[Collected data entries]
(* Each body of the configuration [rot_triangle z w] moves uniformly on the
   circle of radius r = sqrt (1 - z^2) at height z, so its velocity and
   acceleration are forced: they are again uniform circular motions, the
   velocity turned a quarter turn ahead and the acceleration pointing to the
   axis.  All mutual inner products equal c = (3 z^2 - 1) / 2, so every
   pairwise attraction has the same denominator D = (1 - c^2)^(3/2).

   - Necessity: dotting the equation of motion of body i with its velocity
     kills the acceleration and the centripetal term, leaving the tangential
     component of the force, r^2 w (sqrt 3 / 2) (m_(i+1) - m_(i+2)) / D.
     It must vanish, so neighbouring masses agree.
   - Sufficiency: for equal masses mu the force on body i is
     (3 mu / D) (z e_3 - z^2 q_i), which is exactly acceleration plus
     centripetal term once w^2 = 3 mu / D. *)

From Stdlib Require Import Reals Lra Lia Psatz FunctionalExtensionality.
Open Scope R_scope.

Lemma V3_eq (a b : V3) : vx a = vx b -> vy a = vy b -> vz a = vz b -> a = b.
Proof. destruct a, b; cbn; intros -> -> ->; reflexivity. Qed.

Lemma vdot_addl (a b c : V3) : vdot (vadd a b) c = vdot a c + vdot b c.
Proof. unfold vdot, vadd; cbn; ring. Qed.

Lemma vdot_subl (a b c : V3) : vdot (vsub a b) c = vdot a c - vdot b c.
Proof. unfold vdot, vsub; cbn; ring. Qed.

Lemma vdot_scalel (s : R) (a c : V3) : vdot (vscale s a) c = s * vdot a c.
Proof. unfold vdot, vscale; cbn; ring. Qed.

Lemma has_deriv3_unique (p : R -> V3) (t : R) (d1 d2 : V3) :
  has_deriv3 p t d1 -> has_deriv3 p t d2 -> d1 = d2.
Proof.
  intros [Hx1 [Hy1 Hz1]] [Hx2 [Hy2 Hz2]].
  apply V3_eq; eapply uniqueness_limite; eassumption.
Qed.

Definition circle (k w a h : R) (t : R) : V3 :=
  mkV3 (k * cos (w * t + a)) (k * sin (w * t + a)) h.

Lemma rot_triangle_circle (z w : R) (i : nat) :
  rot_triangle z w i = circle (sqrt (1 - z ^ 2)) w (alpha i) z.
Proof. reflexivity. Qed.

Lemma circle_deriv (k w a h t : R) :
  has_deriv3 (circle k w a h) t (circle (k * w) w (a + PI / 2) 0 t).
Proof.
  assert (Hphase : derivable_pt_lim (fun s => w * s + a) t w).
  { pose proof (derivable_pt_lim_plus (fun s => w * s) (fun _ => a) t (w * 1) 0
      (derivable_pt_lim_scal id w t 1 (derivable_pt_lim_id t))
      (derivable_pt_lim_const a t)) as H.
    now rewrite Rmult_1_r, Rplus_0_r in H. }
  assert (Hquarter : forall x, cos (x + PI / 2) = - sin x /\ sin (x + PI / 2) = cos x).
  { intro x; rewrite cos_plus, sin_plus, cos_PI2, sin_PI2; split; ring. }
  unfold circle; cbn [vx vy vz].
  replace (w * t + (a + PI / 2)) with (w * t + a + PI / 2) by ring.
  destruct (Hquarter (w * t + a)) as [-> ->].
  repeat split.
  - replace (k * w * - sin (w * t + a)) with (k * (- sin (w * t + a) * w)) by ring.
    apply derivable_pt_lim_scal.
    apply (derivable_pt_lim_comp (fun s => w * s + a) cos); [exact Hphase | apply derivable_pt_lim_cos].
  - replace (k * w * cos (w * t + a)) with (k * (cos (w * t + a) * w)) by ring.
    apply derivable_pt_lim_scal.
    apply (derivable_pt_lim_comp (fun s => w * s + a) sin); [exact Hphase | apply derivable_pt_lim_sin].
  - apply derivable_pt_lim_const.
Qed.

Lemma circle_half_turn (k w a h t : R) :
  circle k w (a + PI / 2 + PI / 2) h t = circle (- k) w a h t.
Proof.
  unfold circle.
  replace (w * t + (a + PI / 2 + PI / 2)) with (w * t + a + PI) by field.
  rewrite neg_cos, neg_sin; f_equal; ring.
Qed.

Lemma circle_motion_determined (k w a h : R) (v : R -> V3) (t : R) (acc : V3) :
  (forall s, has_deriv3 (circle k w a h) s (v s)) -> has_deriv3 v t acc ->
  v t = circle (k * w) w (a + PI / 2) 0 t /\ acc = circle (- (k * w * w)) w a 0 t.
Proof.
  intros Hv Hacc.
  assert (Hvel : v = circle (k * w) w (a + PI / 2) 0).
  { apply functional_extensionality; intro s.
    exact (has_deriv3_unique _ _ _ _ (Hv s) (circle_deriv k w a h s)). }
  split; [now rewrite Hvel|].
  rewrite Hvel in Hacc; rewrite <- circle_half_turn.
  exact (has_deriv3_unique _ _ _ _ Hacc (circle_deriv _ _ _ _ t)).
Qed.

Lemma circle_dot (k k' w a b h h' t : R) :
  vdot (circle k w a h t) (circle k' w b h' t) = k * k' * cos (a - b) + h * h'.
Proof.
  unfold vdot, circle; cbn [vx vy vz].
  replace (a - b) with ((w * t + a) - (w * t + b)) by ring.
  rewrite cos_minus; ring.
Qed.

Lemma circle_dot_tangent (k k' w a b h t : R) :
  vdot (circle k w b h t) (circle k' w (a + PI / 2) 0 t) = k * k' * sin (b - a).
Proof.
  rewrite circle_dot, <- cos_shift.
  replace (PI / 2 - (b - a)) with (- (b - (a + PI / 2))) by ring.
  rewrite cos_neg; ring.
Qed.

Lemma circle_perp (k k' w a h t : R) :
  vdot (circle k w a h t) (circle k' w (a + PI / 2) 0 t) = 0.
Proof. rewrite circle_dot_tangent, Rminus_diag, sin_0; ring. Qed.

Definition next (i : nat) : nat := ((i + 1) mod 3)%nat.
Definition prev (i : nat) : nat := ((i + 2) mod 3)%nat.

Lemma neighbours_spec (i : nat) : (i < 3)%nat ->
  (next i < 3 /\ prev i < 3 /\ next i <> i /\ prev i <> i)%nat.
Proof. intros Hi; destruct i as [|[|[|i]]]; cbn; lia. Qed.

Lemma other_body (i j : nat) : (i < 3)%nat -> (j < 3)%nat -> j <> i ->
  j = next i \/ j = prev i.
Proof. intros Hi Hj Hji; destruct i as [|[|[|i]]]; cbn; lia. Qed.

Lemma cos_sin_2PI3 : cos (2 * PI / 3) = -1 / 2 /\ sin (2 * PI / 3) = sqrt 3 / 2.
Proof.
  replace (2 * PI / 3) with (2 * (PI / 3)) by field.
  split; [apply cos_2PI3 | apply sin_2PI3].
Qed.

Lemma cos_sin_4PI3 : cos (4 * PI / 3) = -1 / 2 /\ sin (4 * PI / 3) = - (sqrt 3 / 2).
Proof.
  replace (4 * PI / 3) with (PI / 3 + PI) by field.
  rewrite neg_cos, neg_sin, cos_PI3, sin_PI3; split; field.
Qed.

Lemma alpha_gap (i j : nat) (g : R) (k : nat) :
  alpha j - alpha i + 2 * INR k * PI = g ->
  cos (alpha j - alpha i) = cos g /\ sin (alpha j - alpha i) = sin g.
Proof. intros <-; rewrite cos_period, sin_period; split; reflexivity. Qed.

Lemma alpha_next_gap (i : nat) : (i < 3)%nat ->
  cos (alpha (next i) - alpha i) = -1 / 2 /\ sin (alpha (next i) - alpha i) = sqrt 3 / 2.
Proof.
  intros Hi; rewrite <- (proj1 cos_sin_2PI3), <- (proj2 cos_sin_2PI3).
  apply (alpha_gap _ _ _ (if Nat.eqb i 2 then 1 else 0)).
  unfold alpha; destruct i as [|[|[|i]]]; try lia; cbn; field.
Qed.

Lemma alpha_prev_gap (i : nat) : (i < 3)%nat ->
  cos (alpha (prev i) - alpha i) = -1 / 2 /\ sin (alpha (prev i) - alpha i) = - (sqrt 3 / 2).
Proof.
  intros Hi; rewrite <- (proj1 cos_sin_4PI3), <- (proj2 cos_sin_4PI3).
  apply (alpha_gap _ _ _ (if Nat.eqb i 0 then 0 else 1)).
  unfold alpha; destruct i as [|[|[|i]]]; try lia; cbn; field.
Qed.

Lemma radius_sq (z : R) : -1 < z < 1 -> sqrt (1 - z ^ 2) * sqrt (1 - z ^ 2) = 1 - z ^ 2.
Proof. intros Hz; apply sqrt_sqrt; nra. Qed.

Lemma radius_pos (z : R) : -1 < z < 1 -> 0 < sqrt (1 - z ^ 2).
Proof. intros Hz; apply sqrt_lt_R0; nra. Qed.

Lemma rot_triangle_unit (z w : R) (i : nat) (t : R) : -1 < z < 1 ->
  vdot (rot_triangle z w i t) (rot_triangle z w i t) = 1.
Proof.
  intros Hz; rewrite rot_triangle_circle, circle_dot, Rminus_diag, cos_0, radius_sq by exact Hz.
  ring.
Qed.

(* The common cosine of the angles between two bodies, and the resulting
   common denominator of the pairwise attractions. *)
Definition mutual_cos (z : R) : R := (3 * z ^ 2 - 1) / 2.

Definition pair_denominator (z : R) : R := sqrt (1 - mutual_cos z ^ 2) ^ 3.

Lemma mutual_cos_sq_lt_1 (z : R) : -1 < z < 1 -> mutual_cos z ^ 2 < 1.
Proof. intros Hz; unfold mutual_cos; assert (0 <= z ^ 2 < 1) by nra; nra. Qed.

Lemma pair_denominator_pos (z : R) : -1 < z < 1 -> 0 < pair_denominator z.
Proof.
  intros Hz; apply pow_lt, sqrt_lt_R0.
  pose proof (mutual_cos_sq_lt_1 z Hz); lra.
Qed.

Lemma rot_triangle_dot (z w : R) (i j : nat) (t : R) :
  -1 < z < 1 -> (i < 3)%nat -> (j < 3)%nat -> j <> i ->
  vdot (rot_triangle z w i t) (rot_triangle z w j t) = mutual_cos z.
Proof.
  intros Hz Hi Hj Hji.
  rewrite !rot_triangle_circle, circle_dot, radius_sq by exact Hz.
  replace (alpha i - alpha j) with (- (alpha j - alpha i)) by ring.
  rewrite cos_neg.
  destruct (other_body i j Hi Hj Hji) as [-> | ->].
  - rewrite (proj1 (alpha_next_gap i Hi)); unfold mutual_cos; field.
  - rewrite (proj1 (alpha_prev_gap i Hi)); unfold mutual_cos; field.
Qed.

Definition attraction (m : nat -> R) (q : nat -> V3) (i j : nat) : V3 :=
  vscale (m j / (sqrt (1 - (vdot (q i) (q j)) ^ 2)) ^ 3)
         (vsub (q j) (vscale (vdot (q i) (q j)) (q i))).

Lemma force_three (m : nat -> R) (q : nat -> V3) (i : nat) : (i < 3)%nat ->
  force 3 m q i = vadd (attraction m q i (next i)) (attraction m q i (prev i)).
Proof.
  intros Hi.
  change (force 3 m q i) with
    (vsum 3 (fun j => if Nat.eqb j i then vzero else attraction m q i j)).
  destruct i as [|[|[|i]]]; try lia; cbn [vsum Nat.eqb next prev];
  apply V3_eq; cbn; ring.
Qed.

Lemma force_rot_triangle (m : nat -> R) (z w : R) (i : nat) (t : R) :
  -1 < z < 1 -> (i < 3)%nat ->
  let q := fun j => rot_triangle z w j t in
  force 3 m q i =
  vadd (vscale (m (next i) / pair_denominator z) (vsub (q (next i)) (vscale (mutual_cos z) (q i))))
       (vscale (m (prev i) / pair_denominator z) (vsub (q (prev i)) (vscale (mutual_cos z) (q i)))).
Proof.
  intros Hz Hi q; destruct (neighbours_spec i Hi) as [Hn [Hp [Hni Hpi]]].
  rewrite force_three by exact Hi; unfold attraction, q.
  rewrite !rot_triangle_dot by assumption; reflexivity.
Qed.

Lemma tangential_force (m : nat -> R) (z w : R) (i : nat) (t : R) :
  -1 < z < 1 -> (i < 3)%nat ->
  vdot (force 3 m (fun j => rot_triangle z w j t) i)
       (circle (sqrt (1 - z ^ 2) * w) w (alpha i + PI / 2) 0 t) =
  sqrt (1 - z ^ 2) * (sqrt (1 - z ^ 2) * w) * (sqrt 3 / 2) / pair_denominator z
  * (m (next i) - m (prev i)).
Proof.
  intros Hz Hi.
  pose proof (pair_denominator_pos z Hz) as HD.
  rewrite force_rot_triangle by assumption.
  rewrite vdot_addl, !vdot_scalel, !vdot_subl, !vdot_scalel, !rot_triangle_circle, !circle_dot_tangent.
  rewrite Rminus_diag, sin_0, (proj2 (alpha_next_gap i Hi)), (proj2 (alpha_prev_gap i Hi)).
  field; lra.
Qed.

(* For equal masses mu the force on body i is (3 mu / D) (z e_3 - z^2 q_i),
   because the positions of the two neighbours add up to
   2 z e_3 minus the horizontal part of q_i. *)
Lemma force_equal_masses (m : nat -> R) (mu z w : R) (i : nat) (t : R) :
  -1 < z < 1 -> (i < 3)%nat -> (forall j, (j < 3)%nat -> m j = mu) ->
  force 3 m (fun j => rot_triangle z w j t) i =
  vscale (3 * mu / pair_denominator z) (vsub (mkV3 0 0 z) (vscale (z ^ 2) (rot_triangle z w i t))).
Proof.
  intros Hz Hi Hm.
  pose proof (pair_denominator_pos z Hz) as HD.
  destruct (neighbours_spec i Hi) as [Hn [Hp _]].
  rewrite force_rot_triangle, !Hm by assumption.
  destruct (alpha_next_gap i Hi) as [Hcn Hsn]; destruct (alpha_prev_gap i Hi) as [Hcp Hsp].
  rewrite !rot_triangle_circle; unfold circle.
  replace (w * t + alpha (next i)) with (w * t + alpha i + (alpha (next i) - alpha i)) by ring.
  replace (w * t + alpha (prev i)) with (w * t + alpha i + (alpha (prev i) - alpha i)) by ring.
  remember (w * t + alpha i) as th.
  rewrite !cos_plus, !sin_plus, Hcn, Hsn, Hcp, Hsp.
  set (D := pair_denominator z) in *; clearbody D.
  apply V3_eq; cbn; unfold mutual_cos; field; lra.
Qed.

(* Necessity: along a solution the tangential force vanishes, since the
   acceleration and the position are both orthogonal to the velocity. *)
Lemma solution_balances_neighbours (m : nat -> R) (z w : R) (i : nat) :
  -1 < z < 1 -> w <> 0 -> is_solution 3 m (rot_triangle z w) -> (i < 3)%nat ->
  m (next i) = m (prev i).
Proof.
  intros Hz Hw [v [a Hsol]] Hi.
  pose proof (radius_pos z Hz) as Hr; pose proof (pair_denominator_pos z Hz) as HD.
  assert (Hs3 : 0 < sqrt 3) by (apply sqrt_lt_R0; lra).
  destruct (Hsol i 0 Hi) as [_ [Hacc [_ [_ [_ Hmotion]]]]].
  destruct (circle_motion_determined _ _ _ _ (v i) 0 (a i 0)
              (fun s => proj1 (Hsol i s Hi)) Hacc) as [Hv Ha].
  assert (Htangent : vdot (a i 0) (v i 0) = 0) by (rewrite Ha, Hv; apply circle_perp).
  rewrite Hmotion, vdot_subl, vdot_scalel, Hv, tangential_force, rot_triangle_circle,
    circle_perp, Rmult_0_r, Rminus_0_r in Htangent by assumption.
  apply Rmult_integral in Htangent as [Hzero | Hbalance]; [| lra].
  exfalso; revert Hzero; unfold Rdiv.
  repeat apply Rmult_integral_contrapositive_currified; try lra.
  apply Rinv_neq_0_compat; lra.
Qed.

■ **TASK**
Taking the lines above, repeat exactly those from the line that contains "apply (alpha_gap _ _ _ (if Nat.eqb i 0" through the line that contains "Lemma mutual_cos_sq_lt_1 (z", and both of those lines as well. Include nothing else.

■ **ANSWER TO THIS TASK**
  apply (alpha_gap _ _ _ (if Nat.eqb i 0 then 0 else 1)).
  unfold alpha; destruct i as [|[|[|i]]]; try lia; cbn; field.
Qed.

Lemma radius_sq (z : R) : -1 < z < 1 -> sqrt (1 - z ^ 2) * sqrt (1 - z ^ 2) = 1 - z ^ 2.
Proof. intros Hz; apply sqrt_sqrt; nra. Qed.

Lemma radius_pos (z : R) : -1 < z < 1 -> 0 < sqrt (1 - z ^ 2).
Proof. intros Hz; apply sqrt_lt_R0; nra. Qed.

Lemma rot_triangle_unit (z w : R) (i : nat) (t : R) : -1 < z < 1 ->
  vdot (rot_triangle z w i t) (rot_triangle z w i t) = 1.
Proof.
  intros Hz; rewrite rot_triangle_circle, circle_dot, Rminus_diag, cos_0, radius_sq by exact Hz.
  ring.
Qed.

(* The common cosine of the angles between two bodies, and the resulting
   common denominator of the pairwise attractions. *)
Definition mutual_cos (z : R) : R := (3 * z ^ 2 - 1) / 2.

Definition pair_denominator (z : R) : R := sqrt (1 - mutual_cos z ^ 2) ^ 3.

Lemma mutual_cos_sq_lt_1 (z : R) : -1 < z < 1 -> mutual_cos z ^ 2 < 1.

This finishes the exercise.